Boston Police Court and Justices' Court for the County of Suffolk
The court's history dates to 1822, the year in which Boston was chartered as a city. Two courts were established, both served by the same judges: the Boston Police Court, to hear criminal matters, and the Justices' Court for the County of Suffolk, to address civil claims.

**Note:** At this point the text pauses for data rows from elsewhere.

Section NAr.
Context (R : realType) (d : measure_display) (Omega : measurableType d)
  (P : probability Omega R) (n : nat).
Local Notation vec := 'rV[R]_n.
Local Notation mat := 'M[R]_n.
Local Notation ase := (ase P).
Context (T : nat) (A : set mat) (H : nat -> set (set Omega)).
Hypothesis hA : closed_convex_cone A.
Hypothesis hH : filtration T H.
Hypothesis P_complete : measure_is_complete P.
Variable F : random_map R Omega n.

Section Gap.
Variable G : random_map R Omega n.
Hypothesis hG : in_bfF P T A G.
Hypothesis hGF : forall eta, adaptedA P T A H eta -> forall t, (t <= T)%N ->
  (forall i, {ae P, forall w, F t w (eta t w) 0 i <= G t w (eta t w) 0 i}) /\
  (~ inN0 P A H F t (app F t (eta t)) ->
     (0%:E < P [set w | exists k,
       (F t w (eta t w) ord0 k < G t w (eta t w) ord0 k)%R])%E).
Hypothesis hNAw : NAw P T A H G.

Variables (xi xi' : nat -> Omega -> vec) (Y Y' : nat -> Omega -> mat).
Hypothesis repY : forall s, (s <= T)%N -> represents P A H F s (xi s) (Y s).
Hypothesis repY' : forall s, (s <= T)%N -> represents P A H F s (xi' s) (Y' s).
Hypothesis S0 : L0plus P (fun w => V xi T w + V xi' T w).

Let zeta s := app G s (fun w => 1 *: Y s w + 1 *: Y' s w).
Let gap s w := zeta s w - xi s w - xi' s w.

Lemma V_zeta_gap w :
  V zeta T w = (V xi T w + V xi' T w) + \sum_(s < T.+1) gap s w.
Proof. by rewrite /V /gap !sumrB; apply/rowP => j; rewrite !mxE; ring. Qed.

Lemma gap_ge : {ae P, forall w, forall s, (s < T.+1)%N -> forall i,
  0 <= G s w (Y s w) 0 i - F s w (Y s w) 0 i <= gap s w 0 i}.
Proof.
apply: ae_forall_ltn => s; rewrite ltnS => sT.
have [_ AY xiY] := repY sT; have [_ AY' xi'Y'] := repY' sT.
have dom := ae_forall_ord ((hGF (represents_adapted repY) sT).1).
have dom' := ae_forall_ord ((hGF (represents_adapted repY') sT).1).
have xis : {ae P, forall w, xi s w = F s w (Y s w) /\ xi' s w = F s w (Y' s w)}.
  by apply: filterS2 xiY xi'Y' => w; split.
have doms : {ae P, forall w, forall i,
    F s w (Y s w) 0 i <= G s w (Y s w) 0 i /\
    F s w (Y' s w) 0 i <= G s w (Y' s w) 0 i}.
  by apply: filterS2 dom dom' => w FG FG' i; split.
have := app_superadd hG sT AY AY' ler01 ler01.
apply: filterS3 xis doms => w [xiw xi'w] domw sup i.
have [FG FG'] := domw i; have := sup i.
by rewrite /gap /zeta /app xiw xi'w !scale1r !mxE; lra.
Qed.

Lemma zeta_procN : procN P T A H G zeta.
Proof. by move=> s sT; exact: inN_app_comb sT ler01 ler01 (repY sT) (repY' sT). Qed.

Lemma V_zeta_eq0 : ase (V zeta T) (fun=> 0).
Proof.
apply/hNAw; split.
  exists zeta, (fun=> 0); split; first exact: zeta_procN.
  by split; [exact: L0plus0 | apply: ase_pw => w; rewrite subr0].
apply/L0plusP; split; first exact: vec_aemeas_V hG (leqnn T) zeta_procN.
have [_ Spos] := (L0plusP _ _).1 S0.
apply: filterS2 gap_ge Spos => w ge Sw i; rewrite V_zeta_gap mxE summxE.
apply: addr_ge0; first exact: Sw.
by apply: sumr_ge0 => s _; have /andP[/le_trans] := ge s (ltn_ord s) i; apply.
Qed.

Lemma NAr_tight : {ae P, forall w, V xi T w + V xi' T w = 0 /\
  forall s, (s < T.+1)%N -> forall i, G s w (Y s w) 0 i = F s w (Y s w) 0 i}.
Proof.
have [_ Spos] := (L0plusP _ _).1 S0.
apply: filterS3 gap_ge V_zeta_eq0 Spos => w /= ge Vz Sw.
have tight i : (V xi T w + V xi' T w) 0 i = 0 /\
    forall s : 'I_T.+1, gap s w 0 i = 0.
  apply: addr_psumr_eq0 (Sw i) _ _ => [s|].
    by have /andP[/le_trans] := ge s (ltn_ord s) i; apply.
  move/rowP/(_ i): Vz; rewrite V_zeta_gap [_ 0 i]mxE summxE => ->.
  by rewrite mxE.
split; first by apply/rowP => i; rewrite (tight i).1 mxE.
move=> s sT i; have /andP[GF0 GFgap] := ge s sT i.
apply/eqP; rewrite -subr_eq0 eq_le GF0 andbT.
by move: GFgap; rewrite ((tight i).2 (Ordinal sT)).
Qed.

Lemma NAr_KP_represents :
  procN0 P T A H F xi /\ ase (fun w => V xi T w + V xi' T w) (fun=> 0).
Proof.
split; last by apply: filterS NAr_tight => w [].
move=> t tT; apply: contrapT => not_N0.
have [_ _ xiY] := repY tT.
have /(hGF (represents_adapted repY) tT).2 : ~ inN0 P A H F t (app F t (Y t)).
  by move=> N0; apply: not_N0; exact: inN0_ase xiY N0.
set B := [set w | _]; have B_null : P.-negligible B.
  apply: negligibleS NAr_tight => w /= [k GFk] [_ GF].
  by move: GFk; rewrite GF ?ltxx.
by rewrite ((negligibleP P (P_complete B_null)).1 B_null) ltxx.
Qed.

End Gap.

Lemma NAr_KP : NAr P T A H F -> KP P T A H F.
Proof.
move=> [G [hG [hGF hNAw]]] xi xi' xiN xi'N S0.
have [Y repY] := procN_represents xiN; have [Y' repY'] := procN_represents xi'N.
exact: (NAr_KP_represents hG hGF hNAw repY repY' S0).
Qed.

End NAr.

Unset Implicit Arguments.

Theorem mainTheorem6 (R : realType) (d : measure_display) (Omega : measurableType d)
  (P : probability Omega R) (n : nat) (T : nat)
  (A : set 'M[R]_n) (H : nat -> set (set Omega)) (F : random_map R Omega n) :
  (0 < n)%N ->
  measure_is_complete P ->
  closed_convex_cone A ->
  filtration T H ->
  in_bfF P T A F ->
  (NAr P T A H F \/ (NAs P T A H F /\ EF P T A H F)) ->
  KP P T A H F.
Proof.
move=> _ P_complete hA hH hF [NAr_F | [NAs_F EF_F]].
- exact: (NAr_KP hA hH P_complete NAr_F).
- exact: (NAs_EF_KP hA hH hF NAs_F EF_F).
Qed.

The two courts remained distinct until 1860 when the Justices' Court was abolished, and its civil jurisdiction transferred to the Police Court.

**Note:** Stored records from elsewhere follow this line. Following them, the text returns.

Lemma BunionA x y z : Bunion x (Bunion y z) = Bunion (Bunion x y) z.
Proof. apply Bext; simpl; tauto. Qed.
Lemma BunionC x y : Bunion x y = Bunion y x.
Proof. apply Bext; simpl; tauto. Qed.
Lemma BunionI x : Bunion x x = x.
Proof. apply Bext; simpl; tauto. Qed.
Lemma Bunion0 x : Bunion Bempty x = x.
Proof. apply Bext; simpl; tauto. Qed.

Definition BFree : BMod := @Build_BMod Bcar Bunion Bempty BunionA BunionC BunionI Bunion0.
End FreeB.

From Stdlib Require Import List ClassicalEpsilon FunctionalExtensionality ProofIrrelevance.
Import ListNotations.
Set Implicit Arguments.

(** Tensoring with any B-module M is left adjoint to Hom(M, -), so it preserves
    all colimits; finite products in B-modules are biproducts, which every
    additive functor preserves.  The only real work is equalizers.  An equalizer
    is an injective map onto the equalizing set, and for M = B(S,<=) every
    tensor z in A (x) M is recovered from its coefficient function
    t |-> z(t) : S -> A as the join of z(s) (x) (down s) over finitely many s.
    The coefficient map commutes with f (x) id, so it transports injectivity and
    the description of the image from A to A (x) M. *)

Definition ble (X : BMod) (x y : X) : Prop := bjoin x y = y.
Arguments ble {X} x y.

Fixpoint bigj (X : BMod) (xs : list X) : X :=
  match xs with [] => bzero | x :: r => bjoin x (@bigj X r) end.
Arguments bigj {X} xs.

Section JoinSemilattice.
Variable X : BMod.
Implicit Types x y z : X.

Lemma bjoin0r x : bjoin x bzero = x.
Proof. rewrite bjoinC; apply bjoin0. Qed.

Lemma ble_refl x : ble x x.
Proof. apply bjoinI. Qed.

Lemma ble_trans x y z : ble x y -> ble y z -> ble x z.
Proof. unfold ble; intros Hxy Hyz. rewrite <- Hyz, bjoinA, Hxy; reflexivity. Qed.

Municipal Court of the City of Boston/Boston Municipal Court Department
In 1866, the Police Court was abolished, and its records and jurisdiction transferred to the newly created Municipal Court of the City of Boston. In 1978, the Massachusetts Court Reform Act established the Boston Municipal Court Department as one of the seven departments of the Trial Court of Massachusetts. In 2003, the department expanded to eight divisions, after it was given authority by the Massachusetts Legislature over seven other Boston-based courts.

Probation pioneer
The Boston Police Court has the distinction of participating in the initial development of the modern concept of probation in the United States. In 1841 John Augustus, the "Father of Probation", persuaded a judge in the Police Court to give him custody of a convicted "common drunkard" for a brief period. The offender was ordered to appear in court three weeks later for sentencing. He returned to court accompanied by Augustus a sober man, his appearance and demeanor dramatically changed. The judge was so impressed with his sober and dignified appearance that he waived the usual penalty of 30 days in jail and instead levied a fine of one cent plus court costs ($3.76).

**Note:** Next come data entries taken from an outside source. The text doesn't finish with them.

(* Let $\mathfrak A$ and $\mathcal A$ be Banach algebras with $\mathcal A$ a Banach $\mathfrak A$-bimodule with compatible actions, and let $J$ be the closed ideal of $\mathcal A$ generated by $\{(a\cdot\alpha)b-a(\alpha\cdot b): a,b\in\mathcal A,\alpha\in\mathfrak A\}$. Then $\mathcal A$ is $\mathfrak A$-module uniformly approximately amenable if and only if $\mathcal A/J$ is $\mathfrak A$-module uniformly approximately amenable; and $\mathcal A$ is $\mathfrak A$-module uniformly approximately contractible if and only if $\mathcal A/J$ is $\mathfrak A$-module uniformly approximately contractible.
   Context: Compatible actions: $\alpha\cdot(ab)=(\alpha\cdot a)b$, $(ab)\cdot\alpha=a(b\cdot\alpha)$. $J$ is an $\mathfrak A$-submodule, so $\mathcal A/J$ is a Banach algebra and Banach $\mathfrak A$-bimodule with the induced actions. For a Banach algebra $\mathcal C$ that is a $\mathfrak A$-bimodule with compatible actions, a Banach $\mathcal C$-$\mathfrak A$-module is a Banach space $X$ which is a $\mathcal C$-bimodule and $\mathfrak A$-bimodule with $\alpha\cdot(c\cdot x)=(\alpha\cdot c)\cdot x$, $c\cdot(\alpha\cdot x)=(c\cdot\alpha)\cdot x$, $c\cdot(x\cdot\alpha)=(c\cdot x)\cdot\alpha$ and analogous right identities; commutative if $\alpha\cdot x=x\cdot\alpha$; $X^*$ has dual actions. A module derivation $D:\mathcal C\to Y$ is additive, bounded ($\|D(c)\|\le M\|c\|$), with $D(cd)=D(c)\cdot d+c\cdot D(d)$, $D(\alpha\cdot c)=\alpha\cdot D(c)$, $D(c\cdot\alpha)=D(c)\cdot\alpha$. $\mathcal C$ is $\mathfrak A$-module uniformly approximately amenable (resp. contractible) if for every commutative Banach $\mathcal C$-$\mathfrak A$-module $X$ and every module derivation $D:\mathcal C\to X^*$ (resp. $D:\mathcal C\to X$) there is a net $(y_i)$ in $X^*$ (resp. $X$) with $\sup_{\|c\|\le1}\|D(c)-(c\cdot y_i-y_i\cdot c)\|\to0$. *)

From HB Require Import structures.
From mathcomp Require Import all_boot all_order all_algebra.
From mathcomp Require Import all_classical all_reals.
From mathcomp Require Import topology normedtype.
Set Implicit Arguments. Unset Strict Implicit. Unset Printing Implicit Defensive.
Import Order.TTheory GRing.Theory Num.Theory.
Import numFieldNormedType.Exports.
Local Open Scope classical_set_scope.
Local Open Scope ring_scope.

Section BanachModuleDefs.
Variable K : numFieldType.

Definition bilinear_map (U V W : normedModType K) (f : U -> V -> W) :=
  (forall k u1 u2 v, f (k *: u1 + u2) v = k *: f u1 v + f u2 v) /\
  (forall k u v1 v2, f u (k *: v1 + v2) = k *: f u v1 + f u v2).

Definition bounded_bilinear (U V W : normedModType K) (f : U -> V -> W) :=
  bilinear_map f /\ exists M : K, 0 <= M /\ forall u v, `|f u v| <= M * `|u| * `|v|.

Definition banach_algebra (A : completeNormedModType K) (mul : A -> A -> A) :=
  [/\ bilinear_map mul,
      (forall a b c, mul a (mul b c) = mul (mul a b) c) &
      (forall a b, `|mul a b| <= `|a| * `|b|)].

Definition banach_bimodule (C : normedModType K) (mulC : C -> C -> C)
    (X : normedModType K) (l : C -> X -> X) (r : X -> C -> X) :=
  [/\ bounded_bilinear l, bounded_bilinear (fun c x => r x c),
      (forall c d x, l (mulC c d) x = l c (l d x)),
      (forall c d x, r x (mulC c d) = r (r x c) d) &
      (forall c d x, r (l c x) d = l c (r x d))].

Definition compatible_actions (U C : normedModType K) (mulC : C -> C -> C)
    (la : U -> C -> C) (ra : C -> U -> C) :=
  (forall al a b, la al (mulC a b) = mulC (la al a) b) /\
  (forall al a b, ra (mulC a b) al = mulC a (ra b al)).

Definition banach_CU_module (U : normedModType K) (mulU : U -> U -> U)
    (C : normedModType K) (mulC : C -> C -> C)
    (laC : U -> C -> C) (raC : C -> U -> C)
    (X : normedModType K) (lC : C -> X -> X) (rC : X -> C -> X)
    (lU : U -> X -> X) (rU : X -> U -> X) :=
  [/\ banach_bimodule mulC lC rC, banach_bimodule mulU lU rU,
      [/\ (forall al c x, lU al (lC c x) = lC (laC al c) x),
           (forall al c x, lC c (lU al x) = lC (raC c al) x) &
           (forall al c x, lC c (rU x al) = rU (lC c x) al)] &
      [/\ (forall al c x, rU (rC x c) al = rC x (raC c al)),
           (forall al c x, rC (rU x al) c = rC x (laC al c)) &
           (forall al c x, rC (lU al x) c = lU al (rC x c))]].

Definition commutative_module (U X : normedModType K)
    (lU : U -> X -> X) (rU : X -> U -> X) :=
  forall al x, lU al x = rU x al.

Definition dual_elt (X : normedModType K) (f : X -> K) :=
  (forall k x y, f (k *: x + y) = k * f x + f y) /\
  exists M : K, forall x, `|f x| <= M * `|x|.

Definition dual_l (C X : Type) (r : X -> C -> X) (c : C) (f : X -> K) : X -> K :=
  fun x => f (r x c).
Definition dual_r (C X : Type) (l : C -> X -> X) (f : X -> K) (c : C) : X -> K :=
  fun x => f (l c x).

(* D : C -> X^* ; the dual norm inequality ||D c|| <= M ||c|| is written out
   as |D c x| <= M ||c|| ||x||. *)
Definition module_derivation_dual (U C : normedModType K)
    (mulC : C -> C -> C) (laC : U -> C -> C) (raC : C -> U -> C)
    (X : normedModType K) (lC : C -> X -> X) (rC : X -> C -> X)
    (lU : U -> X -> X) (rU : X -> U -> X) (D : C -> X -> K) :=
  (forall c, dual_elt (D c)) /\
  [/\ (forall c d x, D (c + d) x = D c x + D d x),
      (exists M : K, forall c x, `|D c x| <= M * `|c| * `|x|),
      (forall c d x, D (mulC c d) x = dual_r lC (D c) d x + dual_l rC c (D d) x),
      (forall al c x, D (laC al c) x = dual_l rU al (D c) x) &
      (forall al c x, D (raC c al) x = dual_r lU (D c) al x)].

Definition module_derivation (U C : normedModType K)
    (mulC : C -> C -> C) (laC : U -> C -> C) (raC : C -> U -> C)
    (X : normedModType K) (lC : C -> X -> X) (rC : X -> C -> X)
    (lU : U -> X -> X) (rU : X -> U -> X) (D : C -> X) :=
  [/\ (forall c d, D (c + d) = D c + D d),
      (exists M : K, forall c, `|D c| <= M * `|c|),
      (forall c d, D (mulC c d) = rC (D c) d + lC c (D d)),
      (forall al c, D (laC al c) = lU al (D c)) &
      (forall al c, D (raC c al) = rU (D c) al)].

Definition directed_set (I : Type) (le : I -> I -> Prop) :=
  [/\ (exists i : I, True),
      (forall i, le i i),
      (forall i j k, le i j -> le j k -> le i k) &
      (forall i j, exists k, le i k /\ le j k)].

(* sup_{||c||<=1} ||D c - (c.y_i - y_i.c)|| -> 0 along the net, with the
   dual norm written out as a sup over ||x|| <= 1. *)
Definition module_UAA (U : normedModType K) (mulU : U -> U -> U)
    (C : normedModType K) (mulC : C -> C -> C)
    (laC : U -> C -> C) (raC : C -> U -> C) :=
  forall (X : completeNormedModType K) (lC : C -> X -> X) (rC : X -> C -> X)
         (lU : U -> X -> X) (rU : X -> U -> X),
  banach_CU_module mulU mulC laC raC lC rC lU rU ->
  commutative_module lU rU ->
  forall D : C -> X -> K,
  module_derivation_dual mulC laC raC lC rC lU rU D ->
  exists (I : Type) (le : I -> I -> Prop) (y : I -> X -> K),
    [/\ directed_set le, (forall i, dual_elt (y i)) &
    forall eps : K, 0 < eps -> exists i0, forall i, le i0 i ->
      forall c x, `|c| <= 1 -> `|x| <= 1 ->
      `|D c x - (dual_l rC c (y i) x - dual_r lC (y i) c x)| <= eps].

Definition module_UAC (U : normedModType K) (mulU : U -> U -> U)
    (C : normedModType K) (mulC : C -> C -> C)
    (laC : U -> C -> C) (raC : C -> U -> C) :=
  forall (X : completeNormedModType K) (lC : C -> X -> X) (rC : X -> C -> X)
         (lU : U -> X -> X) (rU : X -> U -> X),
  banach_CU_module mulU mulC laC raC lC rC lU rU ->
  commutative_module lU rU ->
  forall D : C -> X,
  module_derivation mulC laC raC lC rC lU rU D ->
  exists (I : Type) (le : I -> I -> Prop) (y : I -> X),
    [/\ directed_set le &
    forall eps : K, 0 < eps -> exists i0, forall i, le i0 i ->
      forall c, `|c| <= 1 ->
      `|D c - (lC c (y i) - rC (y i) c)| <= eps].

Definition closed_ideal (A : normedModType K) (mul : A -> A -> A) (I : set A) :=
  [/\ closed I, I 0,
      (forall k a b, I a -> I b -> I (k *: a + b)),
      (forall a b, I b -> I (mul a b)) &
      (forall a b, I a -> I (mul a b))].

Definition gen_closed_ideal (A : normedModType K) (mul : A -> A -> A) (S : set A) : set A :=
  fun a => forall I, closed_ideal mul I -> S `<=` I -> I a.

Definition module_ideal (U A : normedModType K) (mul : A -> A -> A)
    (la : U -> A -> A) (ra : A -> U -> A) : set A :=
  gen_closed_ideal mul
    [set z | exists a b al, z = mul (ra a al) b - mul a (la al b)].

Augustus thus began an 18-year career as a volunteer probation officer, subsequently credited with founding the investigations process, one of three main concepts of modern probation, the other two being intake and supervision. Augustus was also the first to apply the term "probation" to his method of treating offenders from the Latin verb "probare": to prove, to test.

In 1878 a law was passed by the legislature authorizing the Mayor of Boston to appoint a probation officer for Suffolk County. The continued success of the system led to its extension to district and police courts in other towns and cities in the state. In 1898 a law was passed extending the probation system by authorizing the appointment of probation officers by the Superior Court.

Jurisdiction
The jurisdiction of the court is within Suffolk County, Massachusetts, and the types of criminal cases that may be filed include most felonies and misdemeanors that do not require a state prison sentence, as well as felonies punishable by a sentence of up to 5 years. If a state prison sentence is mandated, the Court may conduct probable cause hearings to determine whether offenses will be bound over to the Superior Court. Magistrates conduct hearings to issue criminal complaints and arrest warrants, and to determine whether there is probable cause to detain persons arrested without a warrant. Both judges and magistrates issue criminal and administrative search warrants.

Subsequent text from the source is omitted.